### WHAT IS REQUIRED
Instruction for the data below: set down exactly the lines from the line with "p c = 1 -> cdd DE c = eta *: c + i ka%:P ->" to the line with "have [u iu]", inclusive, and no others.
BEGIN
Lemma lift_ka_unique (c c' : E) (ka ka' : F) :
  p c = 1 -> cdd DE c = eta *: c + i ka%:P ->
  p c' = 1 -> cdd DE c' = eta *: c' + i ka'%:P -> ka' = ka.
Proof.
move=> pc dc pc' dc'.
have [u iu] : exists u, i u = c' - c by apply: ker_p; rewrite (linB p_lin) pc pc' subrr.
have c'E : c' = c + i u by rewrite iu addrC subrK.
have /i_inj eq_u : i (ka'%:P + eta *: u) = i (ka%:P + 'X * u).
  apply: (@addrI _ (eta *: c)).
  rewrite (linD i_lin) (linZ i_lin) addrCA -scalerDr -c'E addrC -dc'.
  by rewrite c'E (linD cdd_lin) dc -i_cdd (linD i_lin) addrA.
have := congr1 (horner^~ eta) eq_u.
by rewrite !hornerE => /addIr.
Qed.

Section Lift.
Variables (c : E) (ka : F).
Hypotheses (pc : p c = 1) (dc : cdd DE c = eta *: c + i ka%:P).

Lemma lift_act g l : exists G,
  cact DE g l c = i G /\ ('X + (l - eta)%:P) * G = cact DM g l ka%:P.
Proof.
have [G iG] := ker_p (p_act g l c).
exists G; split=> //.
have act_dc : eta *: i G + i (cact DM g l ka%:P) = i ('X * G) + l *: i G.
  by rewrite i_act iG -act_lin -dc act_cdd -iG i_cdd.
have -> : ('X + (l - eta)%:P) * G = 'X * G + l *: G - eta *: G.
  by rewrite -!mul_polyC polyCB; ring.
apply: i_inj; rewrite (linB i_lin) (linD i_lin) !(linZ i_lin) -act_dc.
by rewrite addrC addKr.
Qed.

Lemma lift_actY l : cact DE gY l c = 0 /\ ka * ga = 0.
Proof.
have [G [-> eqG]] := lift_act gY l.
move: eqG; rewrite /= comp_polyC -polyCM => /mulXaddC_eqC[-> ->].
by rewrite (lin0 i_lin).
Qed.

Lemma lift_actM l : cact DE gM l c = 0.
Proof.
have [G [-> eqG]] := lift_act gM l.
by move: eqG; rewrite /= -polyC0 => /mulXaddC_eqC[-> _]; rewrite (lin0 i_lin).
Qed.

Lemma lift_nontrivial_cond : ka != 0 -> [/\ al = 1, be + eta = 0 & ga = 0].
Proof.
move=> ka_neq0.
have root_l l : ka * (eta - l + (al * l + be)) = 0.
  have [G [_ eqG]] := lift_act gL l.
  have := congr1 (horner^~ (eta - l)) eqG. (* kills the left-hand side *)
  rewrite /= comp_polyC !(hornerM, hornerD, hornerX, hornerC) => <-.
  by rewrite addrA subrK subrr mul0r.
have ka_cancel x : ka * x = 0 -> x = 0.
  by move/eqP; rewrite mulf_eq0 (negPf ka_neq0) => /eqP.
have be_eta : be + eta = 0 by rewrite -(ka_cancel _ (root_l 0)); ring.
split=> //; last exact: ka_cancel _ (lift_actY 0).2.
transitivity (eta - 1 + (al * 1 + be) - (be + eta) + 1); first ring.
by rewrite (ka_cancel _ (root_l 1)) be_eta subrr add0r.
Qed.

Lemma lift_actL l : cact DE gL l c = i ka%:P.
Proof.
have [G [-> eqG]] := lift_act gL l.
have defect0 : ka * ((al - 1) * l + (be + eta)) = 0.
  have [->|/lift_nontrivial_cond[-> -> _]] := eqVneq ka 0; first by rewrite mul0r.
  by rewrite subrr mul0r add0r mulr0.
have : ('X + (l - eta)%:P) * (G - ka%:P) = (ka * ((al - 1) * l + (be + eta)))%:P.
  move: eqG; rewrite /= comp_polyC mulrBr => ->.
  by rewrite !(polyCD, polyCM, polyCB, polyCN); ring.
by rewrite defect0 => /mulXaddC_eqC[/eqP]; rewrite subr_eq0 => /eqP ->.
Qed.

Lemma lift_scal (s k : F) : s * k = ka ->
  ext_scal s (Ek DM eta k) (@Ek_inj F) (@Ek_proj F) DE i p.
Proof.
move=> skE.
have i_ka x : s *: i (x * k)%:P = x *: i ka%:P.
  by rewrite -!(linZ i_lin) -!mul_polyC -!polyCM -skE mulrCA.
exists (fun qx => s *: i qx.1 + qx.2 *: c); split.
- split.
  + move=> a [u1 u2] [w1 w2] /=.
    rewrite i_lin !scalerDr scalerDl !scalerA mulrC.
    by rewrite (AC (2*2) ((1*3)*(2*4))).
  + move=> [q x] /=.
    rewrite (linD i_lin) i_cdd scalerDr i_ka (linD cdd_lin) !(linZ cdd_lin) dc.
    by rewrite scalerDr scalerA mulrC -addrA (addrC (x *: _)).
  + move=> g l [q x] /=; rewrite (linD (act_lin g l)) !(linZ (act_lin g l)) -i_act.
    case: g; rewrite ?lift_actL ?(lift_actY l).1 ?lift_actM scale0r addr0 ?scaler0 ?addr0 //.
    by rewrite (linD i_lin) scalerDr i_ka.
- by move=> v /=; rewrite scale0r addr0 (linZ i_lin).
- move=> [q x] /=; rewrite (linD p_lin) !(linZ p_lin) p_i pc scaler0 add0r.
  exact: mulr1.
Qed.

Lemma ext_trivialP : ext_trivial DM (Ceta eta) DE i p <-> ka = 0.
Proof.
split.
  case=> phi [[phi_lin phi_cdd _] _ phi_p].
  (* phi (0, 1) is a lift of c_eta with invariant 0 *)
  apply: (@lift_ka_unique (phi (0, 1)) c 0) => //.
  rewrite polyC0 (lin0 i_lin) addr0 -phi_cdd -[RHS]addr0 -(lin0 phi_lin) -phi_lin.
  by congr phi; congr pair; rewrite /= ?mulr0 ?scaler0 addr0.
move=> ka0; have /lift_scal[psi [psi_hom psi_i psi_p]] : 1 * 0 = ka by rewrite mulr0 ka0.
exists psi; split=> // [|v]; last by rewrite psi_i scale1r.
apply: is_hom_eq_src psi_hom => [[q x]|[] l [q x]] /=;
  by congr pair; rewrite mulr0 polyC0 addr0.
Qed.

End Lift.

Lemma nontrivial_ext_cond :
  ~ ext_trivial DM (Ceta eta) DE i p -> [/\ al = 1, be + eta = 0 & ga = 0].
Proof.
move=> Hnt; have [c [ka [pc dc]]] := ext_lift.
apply: (lift_nontrivial_cond dc); apply/eqP => /(ext_trivialP pc dc).
exact: Hnt.
Qed.

Lemma nontrivial_ext_equiv_Ek : ~ ext_trivial DM (Ceta eta) DE i p ->
  exists k, k != 0 /\ ext_equiv (Ek DM eta k) (@Ek_inj F) (@Ek_proj F) DE i p.
Proof.
move=> Hnt; have [c [ka [pc dc]]] := ext_lift.
exists ka; split; first by apply/eqP => /(ext_trivialP pc dc).
have [psi [psi_hom psi_i psi_p]] := lift_scal pc dc (mul1r ka).
by exists psi; split=> // v; rewrite psi_i scale1r.
Qed.

Lemma ext_scal_Ek1 : exists s, ext_scal s (Ek DM eta 1) (@Ek_inj F) (@Ek_proj F) DE i p.
Proof.
have [c [ka [pc dc]]] := ext_lift.
by exists ka; apply: lift_scal pc dc _ _ (mulr1 ka).
Qed.

End Extension.

Definition virasoro_L_component (F : fieldType) (br : brtable F) : Prop :=
  forall x y d l, br x y gL d l = if (x, y) is (gL, gL) then d + 2%:R * l else 0.

Section SplitExtension.
Variables (F : fieldType) (br : brtable F) (be eta k : F).
Hypotheses (br_L : virasoro_L_component br) (be_eta : be + eta = 0).

Let DV := Mabg 1 be 0.
Let DEk := Ek DV eta k.

Let Ek_actY l v : cact DEk gY l v = 0.
Proof. by rewrite /= polyC0 mulr0. Qed.

Let Ek_actM l v : cact DEk gM l v = 0.
Proof. by []. Qed.

Let Ek_cdd_lin a u w : cdd DEk (a *: u + w) = a *: cdd DEk u + cdd DEk w.
Proof.
case: u w => [u1 u2] [w1 w2]; congr pair => /=; last by rewrite mulrDr mulrCA.
by rewrite -!mul_polyC !(polyCD, polyCM); ring.
Qed.

Let Ek_act_lin g l a u w : cact DEk g l (a *: u + w) = a *: cact DEk g l u + cact DEk g l w.
Proof.
case: g; rewrite ?Ek_actY ?Ek_actM ?scaler0 ?addr0 //.
case: u w => [u1 u2] [w1 w2]; congr pair => /=; last by rewrite scaler0 addr0.
by rewrite comp_polyD comp_polyZ -!mul_polyC !(polyCD, polyCM); ring.
Qed.

Let Ek_act_poly g v : exists ws : seq ({poly F} * F^o),
  forall l, cact DEk g l v = \sum_(j < size ws) l ^+ j *: ws`_j.
Proof.
case: g; last 2 first.
- by exists [::] => l; rewrite big_ord0 Ek_actY.
- by exists [::] => l; rewrite big_ord0.
case: v => [q x].
(* the outer variable of A stands for l, the inner one for d *)
pose A : {poly {poly F}} :=
  (q^:P \Po ('X%:P + 'X)) * ('X%:P + 'X + be%:P%:P) + (x * k)%:P%:P.
exists [seq (a, 0) | a <- A] => l; rewrite size_map.
rewrite [RHS]surjective_pairing !raddf_sum /=; congr pair.
  under eq_bigr => j _ do rewrite (nth_map 0) //.
  rewrite -horner_polyC_sum /A hornerD hornerM horner_comp !hornerE /=.
  by rewrite polyCD addrA.
by rewrite big1 // => j _; rewrite (nth_map 0) // scaler0.
Qed.

Let Ek_act_cdd g l v : cact DEk g l (cdd DEk v) = cdd DEk (cact DEk g l v) + l *: cact DEk g l v.
Proof.
case: g; rewrite ?Ek_actY ?Ek_actM ?scaler0 ?addr0 /=; last 2 first.
- by rewrite mulr0 mul0r polyC0 addr0 mulr0.
- by rewrite mulr0 mul0r polyC0 addr0 mulr0.
case: v => [q x] /=; congr pair => /=; last by rewrite mulr0 scaler0 addr0.
have -> : be = - eta by rewrite -(addrK eta be) be_eta sub0r.
rewrite comp_polyD comp_polyM comp_polyX comp_polyC -!mul_polyC.
by rewrite !(polyCD, polyCM, polyCN); ring.
Qed.

Let Ek_act_comm x y l m v : cact DEk x l (cact DEk y m v) - cact DEk y m (cact DEk x l v)
  = jac_rhs br DEk x y l m v.
Proof.
rewrite /jac_rhs !Ek_actY Ek_actM !scaler0 !addr0 br_L.
case: x; case: y; rewrite ?Ek_actY ?Ek_actM ?(lin0 (Ek_act_lin _ _)) ?subrr ?scale0r //.
case: v => [q z] /=; congr pair => /=; last by rewrite subrr scaler0.
rewrite !(comp_polyD, comp_polyM, comp_polyXaddC_comp, comp_polyX, comp_polyC) -!mul_polyC.
rewrite [m + l]addrC; set Q := q \Po _.
by rewrite !(polyCD, polyCM, polyCN, mul1r, mul0r, polyC0, addr0); ring.
Qed.

Lemma Ek_lift :
  Ek_proj ((0, 1) : {poly F} * F^o) = 1 /\ cdd DEk (0, 1) = eta *: (0, 1) + Ek_inj k%:P.
Proof.
split=> //; congr pair => /=; first by rewrite mulr0 mul1r add0r scaler0 add0r.
by rewrite addr0.
Qed.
END
### OUTPUT OF THE TASK
  p c = 1 -> cdd DE c = eta *: c + i ka%:P ->
  p c' = 1 -> cdd DE c' = eta *: c' + i ka'%:P -> ka' = ka.
Proof.
move=> pc dc pc' dc'.
have [u iu] : exists u, i u = c' - c by apply: ker_p; rewrite (linB p_lin) pc pc' subrr.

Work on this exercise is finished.